I am on Medicaid, but relax: I live in Arkansas, not Oklahoma.

I am a single mother. I do not receive child support. My ex-husband fled the country and left a small mountain of debt and no forwarding address. I work 9 a.m. to 5 p.m. five days a week, and I pick up side gigs when possible. Still, we are barely making it.

These details are not an attempt to grow your tiny Grinch hearts. This is simply who I am, and I want you to feel like you know a person on Medicaid, because you obviously don’t.

Arkansas Medicaid Expansion saved my life

I lived most of my life in Oklahoma. My “village” is there, but I can’t live there. In Arkansas, my son and I can go to the doctor. In Oklahoma, I wouldn’t have health insurance.

Last month, I had a terrible pain in my stomach. I made an appointment with the doctor, but before I could make it to my scheduled visit, I was driving myself to the ER.

An appendectomy (the removal of an offending appendix) has become a quick and simple procedure. If you receive timely medical attention, you will be fine. If you do not, however, you can die. I had an uncle that died of just that — a ruptured appendix. Once an appendix ruptures, the unbearable pain goes away, and you might think you’re fine. (Especially if you are poor, uninsured and proud, like my uncle was.) But then nasty crap leaks out into your gut and poisons everything.

I tell you all that to tell you this: Arkansas Medicaid expansion saved my life. So while you are patting Oklahoma lawmakers on the backs for rejecting millions of federal Medicaid dollars from the state’s budget, I’m over here wondering if you are capable of seeing that Medicaid is more than just numbers and dollars. It serves real people who would otherwise be uninsured.

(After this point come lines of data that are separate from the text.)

(* Assume the standing setup, fix $g=g_i$ and $\ell=\ell_i$, and assume $v_N(a)$ is defined for every coefficient $a$ of the $g$-expansion of $f$. Let $p$ be a prime divisor of $N$ and $\phi$ a monic irreducible factor of $g$ in $\mathbb Z_p[x]$. Then: (1) the length of $N_\phi^-(f)$ equals the length of $N_g^-(f)$ (both equal $\ell$); (2) for every slope $-\lambda$ of $N_\phi^-(f)$ and every $\mathfrak p\in\mathcal P_{\phi,\lambda}$, one has $v_{\mathfrak p}(g(\theta))=e(\mathfrak p/p)\lambda$.
   Context: Standing setup: $f\in\mathbb Z[x]$ monic irreducible of degree $n>1$, $\theta\in\overline{\mathbb Q}$ a root, $K=\mathbb Q(\theta)$, $\mathbb Z_K$ its ring of integers. $N>1$ is an integer all of whose prime divisors are $>n$. Bar denotes reduction mod $N$, $\operatorname{red}_p$ reduction mod a prime $p$ (on $\mathbb Z[x]$ or $\mathbb Z_p[x]$). $g_1,\dots,g_m\in\mathbb Z[x]$ are monic of positive degree and $\ell_1,\dots,\ell_m$ positive integers with $f\equiv g_1^{\ell_1}\cdots g_m^{\ell_m}\pmod N$, such that for every prime $p\mid N$ the polynomials $\operatorname{red}_p(g_i)$ are squarefree and pairwise coprime in $\mathbb F_p[x]$. $N$-adic value: for $a\in\mathbb Z\setminus\{0\}$, $v_N(a)$ is defined if $a=N^kb$ with $k\ge0$, $\gcd(b,N)=1$, and then $v_N(a)=k$; $v_N(0)=\infty$. $g$-expansion $f=\sum a_i g^i$ ($\deg a_i<\deg g$), $u_i=v_N(a_i)$; $N_g(f)$ is the lower convex hull of the points $(i,u_i)$, $u_i<\infty$; $N_g^-(f)$ its part of negative slope; length = abscissa of the right endpoint. $p$-adic polygons: $v_p$ is the $p$-adic valuation on $\overline{\mathbb Q}_p$ with $v_p(p)=1$, extended to $\mathbb Z_p[x]$ by minimum over coefficients. For monic $\phi\in\mathbb Z_p[x]$ irreducible mod $p$, write $f=\sum b_i\phi^i$ with $\deg b_i<\deg\phi$; $N_\phi(f)$ is the lower convex hull of the points $(i,v_p(b_i))$, and $N_\phi^-(f)$ its part of negative slope. For each prime $\mathfrak p$ of $\mathbb Z_K$ above $p$, fix a topological embedding $\iota_{\mathfrak p}\colon K\hookrightarrow\overline{\mathbb Q}_p$ (for the $\mathfrak p$-adic topology), so that $v_{\mathfrak p}(\alpha)=e(\mathfrak p/p)v_p(\iota_{\mathfrak p}(\alpha))$, with $e(\mathfrak p/p)$ the ramification index. $\mathcal P_\phi=\{\mathfrak p\mid p: v_p(\phi(\iota_{\mathfrak p}(\theta)))>0\}$ and $\mathcal P_{\phi,\lambda}=\{\mathfrak p\in\mathcal P_\phi: v_p(\phi(\iota_{\mathfrak p}(\theta)))=\lambda\}$. *)

From HB Require Import structures.
From mathcomp Require Import all_boot all_order all_algebra.
Set Implicit Arguments. Unset Strict Implicit. Unset Printing Implicit Defensive.
Import Order.TTheory GRing.Theory Num.Theory.
Local Open Scope ring_scope.

Definition segval (P Q : nat * rat) (x : rat) : rat :=
  if P.1 == Q.1 then P.2
  else ((Q.1%:R - x) * P.2 + (x - P.1%:R) * Q.2) / (Q.1%:R - P.1%:R).

(* (x, y) lies on the lower convex hull of pts: y is the least ordinate
   of the convex hull of pts above abscissa x (the lowest point of the
   convex hull of a finite planar set over x lies on a segment joining
   two of the points). *)
Definition on_hull (pts : seq (nat * rat)) (x y : rat) : Prop :=
  (exists P Q, [/\ P \in pts, Q \in pts, (P.1%:R <= x <= Q.1%:R)
                 & y = segval P Q x]) /\
  (forall P Q, P \in pts -> Q \in pts -> P.1%:R <= x <= Q.1%:R ->
     y <= segval P Q x).

Definition is_slope (pts : seq (nat * rat)) (mu : rat) : Prop :=
  exists x1 x2 y1, x1 < x2 /\
    forall x, x1 <= x <= x2 -> on_hull pts x (y1 + mu * (x - x1)).

(* L is the length (abscissa of the right end point) of the part N^- of
   negative slope of the polygon: the polygon is strictly decreasing
   left of L and non-decreasing right of L. *)
Definition negpart_length (pts : seq (nat * rat)) (L : rat) : Prop :=
  (exists yL, on_hull pts L yL) /\
  (forall x1 x2 y1 y2, on_hull pts x1 y1 -> on_hull pts x2 y2 ->
     x1 < x2 -> x2 <= L -> y2 < y1) /\
  (forall x1 x2 y1 y2, on_hull pts x1 y1 -> on_hull pts x2 y2 ->
     L <= x1 -> x1 < x2 -> y1 <= y2).

(* the points (i, u_i), i < n, with u_i < oo *)
Definition pts_of (n : nat) (u : nat -> option rat) : seq (nat * rat) :=
  pmap (fun i => omap (fun r => (i, r)) (u i)) (iota 0 n).

Definition is_expansion (R : nzRingType) (f phi : {poly R})
    (a : seq {poly R}) : Prop :=
  f = \sum_(i < size a) a`_i * phi ^+ i /\
  forall i, (i < size a)%N -> leq (size a`_i).+1 (size phi).

Definition vN_defined (N : nat) (c : int) : Prop :=
  c = 0 \/ exists k b, `|c|%N = (N ^ k * b)%N /\ coprime b N.

Fixpoint vN_rec (N fuel m : nat) : nat :=
  if fuel is f.+1 then
    if (0 < m)%N && (N %| m)%N then (vN_rec N f (m %/ N)).+1 else 0%N
  else 0%N.

(* the exponent k of the largest power N^k dividing m (for m > 0, N > 1);
   it is the k of the definition when v_N(m) is defined *)
Definition vN (N m : nat) : nat := vN_rec N m m.

Definition vN_poly (N : nat) (a : {poly int}) : rat :=
  \big[Num.min/ (vN N `|lead_coef a|)%:R]_(c <- a | c != 0)
     (vN N `|c|)%:R.

Definition uN (N : nat) (a : seq {poly int}) (i : nat) : option rat :=
  if a`_i == 0 then None else Some (vN_poly N a`_i).

(* (Om, v, Zp) is (an isomorphic copy of) \bar Q_p with the p-adic
   valuation v_p (v(p) = 1; v is only meaningful on nonzero elements,
   v(0) = oo by convention), and Zp the ring of p-adic integers inside it:
   Zp is a subring on which v >= 0, complete for v, in which Z is dense,
   and Om is an algebraic closure of Frac(Zp) = Q_p. These axioms
   characterise (\bar Q_p, v_p, Z_p) up to isomorphism. *)
Definition vlim (Om : fieldType) (v : Om -> rat) (s : nat -> Om) (z : Om) :=
  forall k : rat, exists n0, forall n, (n0 <= n)%N -> s n = z \/ k <= v (s n - z).

Definition vcauchy (Om : fieldType) (v : Om -> rat) (s : nat -> Om) :=
  forall k : rat, exists n0, forall m n, (n0 <= m)%N -> (n0 <= n)%N ->
    s m = s n \/ k <= v (s m - s n).

Definition padic_closure (p : nat) (Om : closedFieldType) (v : Om -> rat)
    (Zp : Om -> Prop) : Prop :=
  [/\
      (forall x y, x != 0 -> y != 0 -> v (x * y) = v x + v y),
      (forall x y, x != 0 -> y != 0 -> x + y != 0 ->
          Num.min (v x) (v y) <= v (x + y)),
      (forall n : nat, (0 < n)%N -> n%:R != 0 :> Om),
      v p%:R = 1 &
      (forall n : nat, (0 < n)%N -> coprime n p -> v n%:R = 0)] /\
  [/\
      Zp 0, Zp 1,
      (forall x y, Zp x -> Zp y -> Zp (x - y)),
      (forall x y, Zp x -> Zp y -> Zp (x * y)) &
      (forall x, Zp x -> x != 0 -> 0 <= v x)] /\
  [/\
      (forall x k, Zp x -> exists m : int, x = m%:~R \/ k <= v (x - m%:~R)),
      (forall s, (forall n, Zp (s n)) -> vcauchy v s ->
          exists2 z, Zp z & vlim v s z) &
      (forall x, exists2 P : {poly Om}, P != 0 /\ (forall i, Zp P`_i)
                   & root P x)].

Definition in_Zpx (Om : fieldType) (Zp : Om -> Prop) (P : {poly Om}) : Prop :=
  forall i, Zp P`_i.

Definition irreducible_Zpx (Om : fieldType) (Zp : Om -> Prop) (P : {poly Om}) :=
  in_Zpx Zp P /\ ~ (size P = 1%N /\ Zp (P`_0)^-1) /\ P != 0 /\
  forall A B, in_Zpx Zp A -> in_Zpx Zp B -> P = A * B ->
    (size A = 1%N /\ Zp (A`_0)^-1) \/ (size B = 1%N /\ Zp (B`_0)^-1).

Definition vpoly (Om : fieldType) (v : Om -> rat) (b : {poly Om}) : rat :=
  \big[Num.min/ v (lead_coef b)]_(c <- b | c != 0) v c.

Definition uP (Om : fieldType) (v : Om -> rat) (b : seq {poly Om}) (i : nat)
  : option rat :=
  if b`_i == 0 then None else Some (vpoly v b`_i).

Definition redp (q : nat) (P : {poly int}) : {poly 'F_q} :=
  map_poly (fun c : int => c%:~R) P.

Arkansas saw a 57 percent reduction in the uninsured rate from 2013 to 2015, when the expansion program was approved. So there are fewer people racking up medical bills they cannot repay. There are fewer people falling ill and, in some cases, dying because they cannot afford to go to a doctor. But that is in Arkansas. In Oklahoma, the message remains, “We don’t care about you.” And you’re proud of that.

Those with pre-existing conditions will suffer more

You are excited about Tom Price, your wealthy white Republican surgeon savior. And while he is busy burning your much-hated Obamacare to the ground, he is also going to be pushing bills that make it possible for your insurance to refuse coverage of your wife’s maternity care, your father’s prostate cancer medication and your, yes YOU, your pain meds for your sciatica. (That always acts up after a few rounds of golf, am I right?) So if you can’t care about other people, you at least need to care about anyone in your life who has a pre-existing condition.

You also pointed out that Medicaid expenses were higher in 2015 than predicted in 2010. Listen, we both know you are being obtuse. Everything increased in price from 2010 to 2015. An EpiPen is over $600 now. Cancer drugs cost $100,000 year. A friend of mine — a father of triplets — just passed away from brain cancer, and his daily drug cost him $1,000 a pop. He had the same cancer 15 years ago, and that pill didn’t exist then.

I am real

I know it’s difficult to imagine that a Medicaid recipient might be an intelligent, hard-working woman who is just white-knuckling through a pothole in the bumpy road of life.

When discussing an expanded Medicaid program that you’ve long hated, you instead want to focus on numbers and fear-inciting “data.”

But I need you to see me as a person. I am real. I am good. I am trying, and I need help. And, sometimes, I need medical care.

Please use your unique position for good. Taking care of all Oklahomans is good for your state.

If you need proof, please come to Arkansas.